The program also produced videos on its website to demonstrate how to use the kit and established a 24‐hour hotline for counselling about the HIVST. A flyer containing the list of designated clinics/hospitals list for confirmatory HIV diagnosis was included in the kit package. Clients paid 7 US dollars (200 NT dollars) to obtain the kit. Test results could be obtained in 20 minutes. When clients logged their test results and the kit's photo barcode on the website or went to an HIV/AIDS‐designated clinic/hospital and showed the kit's barcode, they received full monetary reimbursement. If the result was logged as positive, the webpage would automatically pop up an offer for assistance. When clients chose to log their contact information, it would send the notification to case managers so that they could contact clients to schedule an appointment. The 2017 program established an online consumer survey to invite the clients who logged their test results to fill out survey.
Most facility‐based sites were local health stations around the country and gay health centres in major cities, while others were pharmacies and gay‐friendly stores. The vending machines were located at sites popular with the MSM population, including saunas and gay health centres. Chain convenience stores have provided pay‐at‐pickup services for the past 15 years in Taiwan. Clients can access the TCDC website (https://hiva.cdc.gov.tw/oraltest) to log a nickname, mobile phone number and designate which store to pick up the kit. After the kit package was delivered to the designated store, a text message notified the client. At the counter of convenience stores, clients provided the clerk the last three digits of their cellphone number and paid the equivalent of 8 US dollars plus the delivery fee to obtain a kit.
2.3. Participants and sources of data
The ITS analysis included data from the HIV/AIDS reporting/case management system. The HIVST‐positive cohort was recruited according to the kit barcodes that clients provided or the results in two databases (HIV reporting system and HIV logistics management system) linked by phone number.
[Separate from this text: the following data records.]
Hypothesis x_splits : in_splits L W b Zp Zn x.
Hypothesis x_bounds : forall i, (1 <= i <= L)%N -> forall j,
  l i j ord0 <= zpre W b i x j ord0 <= u i j ord0.
Hypothesis alpha01 : forall i, (1 <= i <= L')%N -> forall j, 0 <= alpha i j ord0 <= 1.
Hypothesis beta_ge0 : forall i, (1 <= i <= L')%N -> forall j, 0 <= beta i j ord0.

Lemma layer_relaxation_gap_ge0 k : (1 <= k <= L')%N ->
  0 <= sc (Am k *m (map_mx (@relu R) (zpre W b k x) - Dm k *m zpre W b k x - Bl k)).
Proof.
move=> k_range; have [zp zn] := x_splits k k_range.
have /andP[k_ge1 k_le] := k_range.
rewrite sc_mulmx; apply: sumr_ge0 => j _.
rewrite /Dmx /Dof mul_diag_mx /blmx /blof !mxE /unstable.
apply: relu_relaxation_gap_ge0.
- by apply: x_bounds; rewrite k_ge1 leqW.
- by move/zp.
- by move/zn.
- exact: alpha01.
Qed.

Lemma split_penalty_le0 k : (1 <= k <= L')%N ->
  sc ((beta k)^T *m (S k *m zpre W b k x)) <= 0.
Proof.
move=> k_range; have [zp zn] := x_splits k k_range.
rewrite sc_mulmx; apply: sumr_le0 => j _.
rewrite /Smx mul_diag_mx !mxE.
apply: mul_split_sign_le0; [exact: beta_ge0 | exact: zp | exact: zn].
Qed.

Lemma gap_le_succ k : (k < L')%N -> gap k <= gap k.+1.
Proof.
move=> lt_kL; rewrite gap_succ //.
have := layer_relaxation_gap_ge0 k.+1 lt_kL.
have := split_penalty_le0 k.+1 lt_kL.
lra.
Qed.

Lemma gap_ge0 k : (k <= L')%N -> 0 <= gap k.
Proof.
elim: k => [_|k IH lt_kL]; last exact: le_trans (IH (ltnW lt_kL)) (gap_le_succ k lt_kL).
by rewrite /gap big_geq // subrr mulmx0 /sc mxE subr0.
Qed.

Lemma gap_top : gap L' = fnet L W b x - objective L W b l u Zp Zn alpha beta x.
Proof.
rewrite objective_relaxE /gap /fnet /Amx subnn /= !conform_mx_row.
by rewrite -row_mul !sc_row mulmxBr !mxE; lra.
Qed.

Lemma objective_le_fnet : objective L W b l u Zp Zn alpha beta x <= fnet L W b x.
Proof. by rewrite -subr_ge0 -gap_top gap_ge0. Qed.

End Relaxation.

Theorem theorem1 (R : realType) (d : nat -> nat) (L : nat)
  (W : forall i, 'M[R]_(d i, d i.-1)) (b : forall i, 'cV[R]_(d i))
  (C : set 'cV[R]_(d 0))
  (Zp Zn : forall i, {set 'I_(d i)})
  (l u : forall i, 'cV[R]_(d i))
  (alpha : forall i, 'cV[R]_(d i)) :
  (1 <= L)%N ->
  d L = 1%N ->
  (forall i, (1 <= i <= L.-1)%N -> [disjoint Zp i & Zn i]) ->
  (forall x, C x -> in_splits L W b Zp Zn x ->
     forall i, (1 <= i <= L)%N -> forall j,
       l i j ord0 <= zpre W b i x j ord0 <= u i j ord0) ->
  (forall i, (1 <= i <= L.-1)%N -> forall j, 0 <= alpha i j ord0 <= 1) ->
  (ereal_sup [set ereal_inf [set (objective L W b l u Zp Zn alpha beta x)%:E
                             | x in C]%classic
             | beta in [set beta : forall i, 'cV[R]_(d i) |
                         forall i, (1 <= i <= L.-1)%N ->
                           forall j, (0 <= beta i j ord0)%R]%classic]%classic
   <= ereal_inf [set (fnet L W b x)%:E
                 | x in [set x | C x /\ in_splits L W b Zp Zn x]%classic]%classic)%E.
Proof.
case: L => [//|L'] _ dL1 _ x_bounds alpha01.
apply: ge_ereal_sup => _ [beta beta_ge0 <-].
apply/ereal_infP => _ [x [Cx x_splits] <-].
apply: ge_ereal_inf; exists (objective L'.+1 W b l u Zp Zn alpha beta x)%:E; first by exists x.
by rewrite lee_fin objective_le_fnet //; exact: x_bounds.
Qed.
The TCDC set up an HIVST logistics management system; each kit had a unique barcode for monitoring the HIVST programs because of anonymous purchasing.
We set several channels to identify cases with positive results on the HIVST. One was online anonymous self‐reporting of the logged barcode with the test results in the HIVST logistics management system. However, we did not have further information about their dates of HIV diagnosis from online self‐reporting. Therefore, the TCDC cooperated with HIV/AIDS‐designated hospitals/clinics and local health bureaus to ask confirmed patients about their HIVST experience and barcode number in routine case interviews. Then, we matched the barcodes between online self‐reporting and routine case interviews and obtained the dates of receiving the kits and HIV diagnosis. For the online purchase group, the clients provided their phone numbers; therefore, the third source linked the results in the HIVST logistics management system with those in the HIV/AIDS management system by cellphone number to identify confirmed cases that had used HIVST but not disclosure in the two above ways. The demographic data of the HIVST‐positive cohort were from the HIV/AIDS reporting/case management system.
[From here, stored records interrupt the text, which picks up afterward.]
Lemma cycle_norm_lower_bound :
  exists m, 0 < m /\ forall v, in_cycle a z0 p v -> m <= Cmod v.
Proof.
  destruct (pos_lower_bound (fun k => Cmod (Z k)) p) as [m [Hm K]].
  { intros k _. apply Cmod_gt_0, cycle_nonzero. }
  exists m. split; auto. intros v Hv.
  destruct (in_cycle_iter a z0 p Hp Hper v Hv) as [k [Hk ->]]. now apply K.
Qed.

Lemma basin_avoids_zero z : basin a z0 p z -> avoids_zero a z.
Proof.
  intros [Hdef Hconv] n.
  destruct (orbit a n z) as [w|] eqn:E; [|now destruct (Hdef n)].
  exists w. split; auto. intros ->.
  assert (K : forall k, orbit a (k + n) z = Some (RtoC 0)).
  { induction k as [|k IH]; auto.
    rewrite plus_Sn_m, orbit_S, IH, Bhat_Some by apply no_pole_at_zero.
    now rewrite B_zero. }
  destruct cycle_norm_lower_bound as [m [Hm Hmv]].
  destruct (Hconv m Hm) as [N HN].
  destruct (HN (N + n)%nat (RtoC 0)) as [v [Hv Hd]]; [lia | apply K|].
  specialize (Hmv v Hv). rewrite Cnorm_Cmod in Hd.
  change (Cmod (0 - v) < m) in Hd.
  replace (0 - v)%C with (- v)%C in Hd by ring. rewrite Cmod_opp in Hd. lra.
Qed.

Lemma basin_tau z : basin a z0 p z -> basin a (tau z0) p (tau z).
Proof.
  intros Hb. pose proof (basin_avoids_zero z Hb) as Hz.
  destruct Hb as [_ Hconv]. split.
  - intros n E. destruct (Hz n) as [w [Ew _]].
    rewrite (orbit_tau a z Hz n w Ew) in E. discriminate.
  - destruct cycle_norm_lower_bound as [m [Hm Hmv]].
    intros eps He.
    destruct (Hconv (Rmin (m / 2) (eps * (m * m) / 2))) as [N HN].
    { apply Rmin_pos; [lra|]. apply Rdiv_lt_0_compat; [|lra]. apply Rmult_lt_0_compat; nra. }
    exists N. intros n w' Hn Ew'.
    destruct (Hz n) as [w [Ew _]].
    rewrite (orbit_tau a z Hz n w Ew) in Ew'. injection Ew' as <-.
    destruct (HN n w Hn Ew) as [v [[k [Hk Ek]] Hd]].
    exists (tau v). split.
    + exists k. split; auto. now apply orbit_tau; [apply cycle_avoids_zero|].
    + rewrite Cnorm_Cmod in *. apply tau_close with m; auto.
      apply Hmv. now exists k.
Qed.

Lemma tau_z0_on_cycle c : basin a z0 p c -> basin a z0 p (tau c) ->
  exists k, (k < p)%nat /\ tau z0 = Z k.
Proof.
  intros Hc Htc.
  assert (Hper' : orbit a p (tau z0) = Some (tau z0))
    by (apply orbit_tau; [apply cycle_avoids_zero | exact Hper]).
  destruct (basins_share_cycle_point a z0 (tau z0) (tau c) p Hp Hper Hper' Htc
              (basin_tau c Hc)) as [i [j [Hi [Hj E]]]].
  destruct (cycle_iter_closed a z0 p Hp Hper i (p - j)) as [k [Hk Ek]].
  exists k. split; auto.
  rewrite <- Ek, E, <- Nat.iter_add. replace (p - j + j)%nat with p by lia.
  rewrite iter_tau_cycle. f_equal. symmetry. apply (cycle_add_period a z0 p Hp Hper 0).
Qed.

Lemma half_period k : (forall j, (0 < j < p)%nat -> orbit a j z0 <> Some z0) ->
  (0 < k < p)%nat -> tau z0 = Z k -> p = (k + k)%nat.
Proof.
  intros Hexact Hk E.
  assert (Hkk : Z (k + k) = z0).
  { rewrite Nat.iter_add, <- E, iter_tau_cycle, <- E. now apply tau_involutive. }
  destruct (Nat.lt_total (k + k) p) as [Hlt|[Heq|Hgt]]; auto; exfalso.
  - apply (Hexact (k + k)%nat); [lia|].
    rewrite (proj1 (cycle_orbit a z0 p Hp Hper _)). now rewrite Hkk.
  - apply (Hexact (k + k - p)%nat); [lia|].
    rewrite (proj1 (cycle_orbit a z0 p Hp Hper _)).
    rewrite <- (cycle_add_period a z0 p Hp Hper).
    replace (k + k - p + p)%nat with (k + k)%nat by lia.
    now rewrite Hkk.
Qed.

(** Differentiating [B^k (1 / u) = 1 / conj (B^k (conj u))] at [u = conj z0]. *)
Lemma reflection_deriv k mu nu : tau z0 = Z k ->
  carath (Nat.iter k (B a)) z0 mu -> carath (Nat.iter k (B a)) (Z k) nu ->
  nu = (z0 * z0 * (Cconj z0 * Cconj z0) * Cconj mu)%C.
Proof.
  intros E Hmu Hnu.
  set (u0 := Cconj z0). assert (Hu0 : u0 <> 0%R) by now apply Cconj_neq_0.
  set (c := Cconj (Z k)).
  assert (Hc : c = (/ z0)%C).
  { unfold c. rewrite <- E. unfold tau. rewrite Cinv_conj, Cconj_conj; auto. }
  assert (Hc0 : c <> 0%R) by (apply Cconj_neq_0, cycle_nonzero).
  assert (HG : carath (fun u => Nat.iter k (B a) (/ u)%C) u0 (nu * (- / (u0 * u0)))%C).
  { apply (carath_comp (fun u => / u)%C (Nat.iter k (B a))); [now apply carath_inv|].
    change (/ u0)%C with (tau z0). now rewrite E. }
  assert (HH : carath (fun u => / Cconj (Nat.iter k (B a) (Cconj u)))%C u0
                 (- / (c * c) * Cconj mu)%C).
  { apply (carath_comp (fun u => Cconj (Nat.iter k (B a) (Cconj u))) (fun x => / x)%C).
    - apply carath_conj. unfold u0. now rewrite Cconj_conj.
    - cbv beta. unfold u0. rewrite Cconj_conj. now apply carath_inv. }
  destruct (B_regular_orbit_nbhd a z0 k) as [r [Hr Hreg]]; [intros; apply cycle_regular|].
  assert (Hloc : forall u, Cmod (u - u0) < r ->
            Nat.iter k (B a) (/ u)%C = (/ Cconj (Nat.iter k (B a) (Cconj u)))%C).
  { intros u Hu. replace (/ u)%C with (tau (Cconj u)) by (unfold tau; now rewrite Cconj_conj).
    apply iter_tau, Hreg. unfold u0 in Hu.
    now rewrite <- (Cconj_conj z0), <- Cminus_conj, Cmod_conj. }
  pose proof (has_cderiv_unique_loc _ _ _ _ _ r Hr Hloc
                (carath_has_cderiv _ _ _ HG) (carath_has_cderiv _ _ _ HH)) as Eq.
  rewrite Hc in Eq.
  transitivity (nu * (- / (u0 * u0)) * (- (u0 * u0)))%C; [field; auto|].
  rewrite Eq. unfold u0. field. auto.
Qed.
2.4. Outcomes and measures
The primary outcomes were the immediate step change and slope change of the number of reported HIV cases per month between the non‐implementation period and implementation period. Our study refers to observations before the HIVST program as the “non‐implementation period” and those after the program as the “implementation period.”
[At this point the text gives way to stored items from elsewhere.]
(* Let $\mathbf{X},\mathbf{Y},\mathbf{T}_1,\mathbf{T}_2$ be random variables on finite alphabets, with the joint law $p(\mathbf{X},\mathbf{Y})$ fixed and with the Markov structure described in the context. Fix Lagrange multipliers $\beta,\lambda,\gamma$ with $\beta>0$, $\lambda>0$, $\gamma\ge 0$. Consider the functional $$\mathcal{F}[p(\mathbf{T}_1|\mathbf{X}),p(\mathbf{T}_2|\mathbf{X})] = -I(\mathbf{Y};\mathbf{T}_1,\mathbf{T}_2)+\beta I(\mathbf{T}_1;\mathbf{X})+\lambda I(\mathbf{T}_2;\mathbf{X})+\gamma I(\mathbf{T}_1;\mathbf{T}_2),$$ to be minimized over the two conditional distributions $p(\mathbf{T}_1|\mathbf{X})$ and $p(\mathbf{T}_2|\mathbf{X})$, each ranging over conditional probability distributions. Then an optimal (minimizing) pair of conditional distributions, assumed to have all the probabilities below strictly positive, satisfies the following self-consistent equations for all $x,t_1,t_2$: $$p(t_1|x)=\frac{p(t_1)}{Z_1(x)}\exp\Big\{\frac{\gamma}{\beta}D_{KL}\big[p(\mathbf{T}_2|x)\,\|\,p(\mathbf{T}_2|t_1)\big]-\frac{1}{\beta}\sum_{t_2}p(t_2|x)\,D_{KL}\big[p(\mathbf{Y}|x)\,\|\,p(\mathbf{Y}|t_1,t_2)\big]\Big\},$$ $$p(t_2|x)=\frac{p(t_2)}{Z_2(x)}\exp\Big\{\frac{\gamma}{\lambda}D_{KL}\big[p(\mathbf{T}_1|x)\,\|\,p(\mathbf{T}_1|t_2)\big]-\frac{1}{\lambda}\sum_{t_1}p(t_1|x)\,D_{KL}\big[p(\mathbf{Y}|x)\,\|\,p(\mathbf{Y}|t_1,t_2)\big]\Big\},$$ where $Z_1(x),Z_2(x)$ are normalizing constants making the right-hand sides probability distributions in $t_1$ (resp. $t_2$).
   Context: Standing assumptions: $\mathbf{T}_1$ and $\mathbf{T}_2$ are stochastic mappings of $\mathbf{X}$, given by conditional distributions $p(\mathbf{T}_1|\mathbf{X})$, $p(\mathbf{T}_2|\mathbf{X})$; the joint law factorizes as $p(x,y,t_1,t_2)=p(x)\,p(y|x)\,p(t_1|x)\,p(t_2|x)$ (so each of $\mathbf{T}_1$, $\mathbf{T}_2$, $\mathbf{Y}$ is conditionally independent of all the other variables given $\mathbf{X}$). All marginals and conditionals ($p(t_1)$, $p(t_2)$, $p(t_2|t_1)$, $p(t_1|t_2)$, $p(y|t_1,t_2)$) are those induced by this joint law. $D_{KL}$ denotes Kullback–Leibler divergence and $I(\cdot;\cdot)$ mutual information. The functional arises as the Lagrangian of the problem: maximize $I(\mathbf{Y};\mathbf{T}_1,\mathbf{T}_2)$ subject to $I(\mathbf{X};\mathbf{T}_1)\le r_1$, $I(\mathbf{X};\mathbf{T}_2)\le r_2$, $I(\mathbf{T}_1;\mathbf{T}_2)\le\epsilon$. *)

From HB Require Import structures.
From mathcomp Require Import all_boot all_order all_algebra.
From mathcomp Require Import reals sequences exp.
Set Implicit Arguments. Unset Strict Implicit. Unset Printing Implicit Defensive.
Import Order.TTheory GRing.Theory Num.Theory.
Local Open Scope ring_scope.

Section IB.
Variable R : realType.

Definition plogq (a b : R) : R := if a == 0 then 0 else a * ln (a / b).

Definition KL (A : finType) (P Q : A -> R) : R := \sum_(a : A) plogq (P a) (Q a).

Definition MI (A B : finType) (pab : A -> B -> R) (pa : A -> R) (pb : B -> R) : R :=
  \sum_(a : A) \sum_(b : B) plogq (pab a b) (pa a * pb b).

Definition cond_dist (A B : finType) (q : A -> B -> R) : Prop :=
  (forall a b, 0 <= q a b) /\ (forall a, \sum_(b : B) q a b = 1).

Definition joint_dist (A B : finType) (p : A -> B -> R) : Prop :=
  (forall a b, 0 <= p a b) /\ \sum_(a : A) \sum_(b : B) p a b = 1.

Variables (X Y T1 T2 : finType).
(* pXY : the fixed law p(x,y); q1 = p(t1|x); q2 = p(t2|x).
   Joint law p(x,y,t1,t2) = p(x,y) q1(x,t1) q2(x,t2). *)
Variable pXY : X -> Y -> R.

Definition pX (x : X) : R := \sum_(y : Y) pXY x y.
Definition pY (y : Y) : R := \sum_(x : X) pXY x y.
Definition pYgX (x : X) (y : Y) : R := pXY x y / pX x.

Section Kernels.
Variables (q1 : X -> T1 -> R) (q2 : X -> T2 -> R).

Definition pT1 (t1 : T1) : R := \sum_(x : X) pX x * q1 x t1.
Definition pT2 (t2 : T2) : R := \sum_(x : X) pX x * q2 x t2.
Definition pXT1 (x : X) (t1 : T1) : R := pX x * q1 x t1.
Definition pXT2 (x : X) (t2 : T2) : R := pX x * q2 x t2.
Definition pT1T2 (t1 : T1) (t2 : T2) : R := \sum_(x : X) pX x * q1 x t1 * q2 x t2.
Definition pT12Y (t : T1 * T2) (y : Y) : R :=
  \sum_(x : X) pXY x y * q1 x t.1 * q2 x t.2.
Definition pT12 (t : T1 * T2) : R := pT1T2 t.1 t.2.

Definition pT2gT1 (t1 : T1) (t2 : T2) : R := pT1T2 t1 t2 / pT1 t1.
Definition pT1gT2 (t2 : T2) (t1 : T1) : R := pT1T2 t1 t2 / pT2 t2.
Definition pYgT12 (t1 : T1) (t2 : T2) (y : Y) : R := pT12Y (t1, t2) y / pT1T2 t1 t2.

Definition I_Y_T12 : R := MI pT12Y pT12 pY.
Definition I_T1_X : R := MI pXT1 pX pT1.
Definition I_T2_X : R := MI pXT2 pX pT2.
Definition I_T1_T2 : R := MI pT1T2 pT1 pT2.

End Kernels.

Definition IB_functional (beta lambda gamma : R)
  (q1 : X -> T1 -> R) (q2 : X -> T2 -> R) : R :=
  - I_Y_T12 q1 q2 + beta * I_T1_X q1 + lambda * I_T2_X q2
  + gamma * I_T1_T2 q1 q2.

Definition expo1 (beta gamma : R) (q1 : X -> T1 -> R) (q2 : X -> T2 -> R)
  (x : X) (t1 : T1) : R :=
  gamma / beta * KL (q2 x) (pT2gT1 q1 q2 t1)
  - beta^-1 * \sum_(t2 : T2) q2 x t2 * KL (pYgX x) (pYgT12 q1 q2 t1 t2).

Definition expo2 (lambda gamma : R) (q1 : X -> T1 -> R) (q2 : X -> T2 -> R)
  (x : X) (t2 : T2) : R :=
  gamma / lambda * KL (q1 x) (pT1gT2 q1 q2 t2)
  - lambda^-1 * \sum_(t1 : T1) q1 x t1 * KL (pYgX x) (pYgT12 q1 q2 t1 t2).

Definition Z1 beta gamma q1 q2 (x : X) : R :=
  \sum_(t1 : T1) pT1 q1 t1 * expR (expo1 beta gamma q1 q2 x t1).
Definition Z2 lambda gamma q1 q2 (x : X) : R :=
  \sum_(t2 : T2) pT2 q2 t2 * expR (expo2 lambda gamma q1 q2 x t2).

End IB.

From HB Require Import structures.
From mathcomp Require Import all_boot all_order all_algebra.
From mathcomp Require Import all_classical reals topology normedtype sequences derive realfun exp.
From mathcomp Require Import lra ring.
Import Order.TTheory GRing.Theory Num.Theory.
Import numFieldNormedType.Exports.
Local Open Scope ring_scope.
Set Implicit Arguments. Unset Strict Implicit. Unset Printing Implicit Defensive.

(* At an optimum with all probabilities positive, the derivative of the
   functional must vanish along every line that keeps p(T1|X) a conditional
   distribution, in particular along the one moving mass from t' to t at a
   single x.  Each of I(T1;X), I(T1;T2) and I(Y;T1,T2) has exactly one marginal
   not depending on p(T1|X), and the first variation of such a mutual
   information is sum (dp_ab) ln (p_ab / (p_a p_b)).  Collecting terms, the
   derivative along that line is beta p(x) times the difference at t and t'
   of ln p(t1|x) - ln p(t1) - expo1(x,t1); so this quantity depends on x
   only, which is the first self-consistent equation with its normalization
   Z1(x).  The second one follows by exchanging the roles of (T1, beta) and
   (T2, lambda), under which the functional is invariant. *)

Section FirstVariation.
Variable R : realType.

Lemma psumr_gt0 (A : finType) (f : A -> R) (a : A) :
  (forall b, 0 <= f b) -> 0 < f a -> 0 < \sum_b f b.
Proof.
move=> f_ge0 fa_gt0; rewrite (bigD1 a) //=; apply: (lt_le_trans fa_gt0).
by rewrite lerDl sumr_ge0.
Qed.

Lemma is_derive_sum_fin (A : finType) (h : A -> R -> R) (dh : A -> R) (t : R) :
  (forall a, is_derive t 1 (h a) (dh a)) ->
  is_derive t 1 (fun z => \sum_a h a z) (\sum_a dh a).
Proof.
move=> hd; rewrite /= unlock /=; elim: (index_enum A) => [|a s IH] /=.
  exact: is_derive_cst.
exact: is_deriveD.
Qed.

Lemma is_derive_line (f : R -> R) (c d t : R) :
  (forall z, f z = c + z * d) -> is_derive t 1 f d.
Proof.
move=> fE; rewrite (funext fE).
apply: is_derive_eq; rewrite /GRing.scale /=; ring.
Qed.

Lemma plogqE (a b : R) : plogq a b = a * ln (a / b).
Proof. by rewrite /plogq; case: eqP => [->|//]; rewrite mul0r. Qed.

Definition plogq_slope (a a' b b' : R) : R := a' * ln (a / b) + a' - a * b' / b.

Lemma is_derive_plogq (f g : R -> R) (df dg t : R) :
  is_derive t 1 f df -> is_derive t 1 g dg -> 0 < f t -> 0 < g t ->
  is_derive t 1 (fun z => plogq (f z) (g z)) (plogq_slope (f t) df (g t) dg).
Proof.
move=> fd gd ft_gt0 gt_gt0.
have hquot := is_deriveM fd (is_deriveV (lt0r_neq0 gt_gt0) gd).
have hln := @is_derive1_comp _ (@ln R) _ t _ _ (is_derive1_ln (divr_gt0 ft_gt0 gt_gt0)) hquot.
rewrite (_ : (fun z => _) = f * (@ln R \o (f * (fun z => (g z)^-1)))); last first.
  by apply/funext => z; rewrite plogqE.
apply: (is_derive_eq (is_deriveM fd hln)).
rewrite /plogq_slope /= /GRing.scale /=; field.
by rewrite !gt_eqF.
Qed.

Lemma is_derive_plogq_line (a a' b b' t : R) : 0 < a + t * a' -> 0 < b + t * b' ->
  is_derive t 1 (fun z => plogq (a + z * a') (b + z * b'))
    (plogq_slope (a + t * a') a' (b + t * b') b').
Proof.
by move=> ??; apply: is_derive_plogq => //; apply: is_derive_line.
Qed.

End FirstVariation.

Section MutualInformation.
Variables (R : realType) (A B : finType).

Lemma sum_pair (F : A * B -> R) : \sum_w F w = \sum_a \sum_b F (a, b).
Proof. by rewrite pair_bigA; apply: eq_bigr => -[]. Qed.

Lemma MI_tr (pab : A -> B -> R) (pa : A -> R) (pb : B -> R) :
  MI pab pa pb = MI (fun b a => pab a b) pb pa.
Proof.
rewrite /MI exchange_big; apply: eq_bigr => b _; apply: eq_bigr => a _.
by rewrite mulrC.
Qed.

Definition MI_slope (pab dab : A -> B -> R) (pa da : A -> R) (pb : B -> R) : R :=
  \sum_a \sum_b plogq_slope (pab a b) (dab a b) (pa a * pb b) (da a * pb b).

Lemma is_derive_MI_line (pab dab : A -> B -> R) (pa da : A -> R) (pb : B -> R) (t : R) :
  (forall a b, 0 < pab a b + t * dab a b /\ 0 < (pa a + t * da a) * pb b \/
               pab a b = 0 /\ dab a b = 0) ->
  is_derive t 1
    (fun z => MI (fun a b => pab a b + z * dab a b) (fun a => pa a + z * da a) pb)
    (MI_slope (fun a b => pab a b + t * dab a b) dab (fun a => pa a + t * da a) da pb).
Proof.
move=> pos; apply: is_derive_sum_fin => a; apply: is_derive_sum_fin => b.
have lineE z : (pa a + z * da a) * pb b = pa a * pb b + z * (da a * pb b).
  by rewrite mulrDl mulrA.
case: (pos a b) => [[ab_gt0 b_gt0]|[-> ->]].
  under eq_fun do rewrite lineE; rewrite lineE.
  by apply: is_derive_plogq_line; rewrite -?lineE.
rewrite /plogq_slope !(mulr0, mul0r, add0r) oppr0.
under eq_fun do rewrite mulr0 add0r plogqE mul0r.
exact: is_derive_cst.
Qed.

Lemma MI_slope_marginal (pab dab : A -> B -> R) (pa da : A -> R) (pb : B -> R) :
  (forall a, \sum_b pab a b = pa a) -> (forall a, \sum_b dab a b = da a) ->
  (forall a, 0 < pa a) -> (forall a b, pb b = 0 -> pab a b = 0) ->
  MI_slope pab dab pa da pb = \sum_a \sum_b dab a b * ln (pab a b / (pa a * pb b)).
Proof.
move=> pab_marg dab_marg pa_gt0 pab0.
have cancel_b a b : pab a b * (da a * pb b) / (pa a * pb b) = pab a b * da a / pa a.
  have [pb0|pb_neq0] := eqVneq (pb b) 0; first by rewrite pab0 // !mul0r.
  by field; rewrite pb_neq0 gt_eqF.
rewrite /MI_slope; apply: eq_bigr => a _.
have -> : \sum_b plogq_slope (pab a b) (dab a b) (pa a * pb b) (da a * pb b) =
    \sum_b dab a b * ln (pab a b / (pa a * pb b)) +
    (\sum_b dab a b - (\sum_b pab a b) * da a / pa a).
  rewrite !mulr_suml -sumrB -big_split; apply: eq_bigr => b _.
  by rewrite /plogq_slope cancel_b /= addrA.
by rewrite dab_marg pab_marg mulrAC mulfV ?lt0r_neq0 // mul1r subrr addr0.
Qed.
End MutualInformation.

Section Kernels.
Variables (R : realType) (X Y T1 T2 : finType) (pXY : X -> Y -> R).

Definition kernel_line (T : finType) (q v : X -> T -> R) (z : R) : X -> T -> R :=
  fun x s => q x s + z * v x s.

Variables (q1 v : X -> T1 -> R) (q2 : X -> T2 -> R).

Lemma pT1_line z s : pT1 pXY (kernel_line q1 v z) s = pT1 pXY q1 s + z * pT1 pXY v s.
Proof.
by rewrite /pT1 mulr_sumr -big_split; apply: eq_bigr => x _ /=; rewrite /kernel_line; ring.
Qed.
The secondary outcomes included the time to confirmatory diagnosis and factors associated with early confirmation diagnosis in the HIVST‐positive cohort. The time interval to diagnosis was calculated as the date of obtaining HIVST kits (the purchases date in the HIVST logistic system) to the date of HIV reported. If someone purchased multiple kits, we selected the most recent date of HIVST kit purchase. We defined an early diagnosis as a confirmed HIV diagnosis within 1 month of the date of obtaining HIVST kits as an initial positive result on HIVST. We also defined the HIVST non‐disclosure group as cases from the databases that were linked by phone number.
2.5. Statistical analysis
The number of reported cases from HIVST programs will be underestimated due to anonymity. Therefore, we used an ITS analysis to evaluate the impact of the HIVST programs on case finding at the population level. ITS analysis examines temporally ordered data to determine whether interventions produced a reliable change in data while also allowing models to account for baseline levels and trends present in the data [26, 27, 28, 29].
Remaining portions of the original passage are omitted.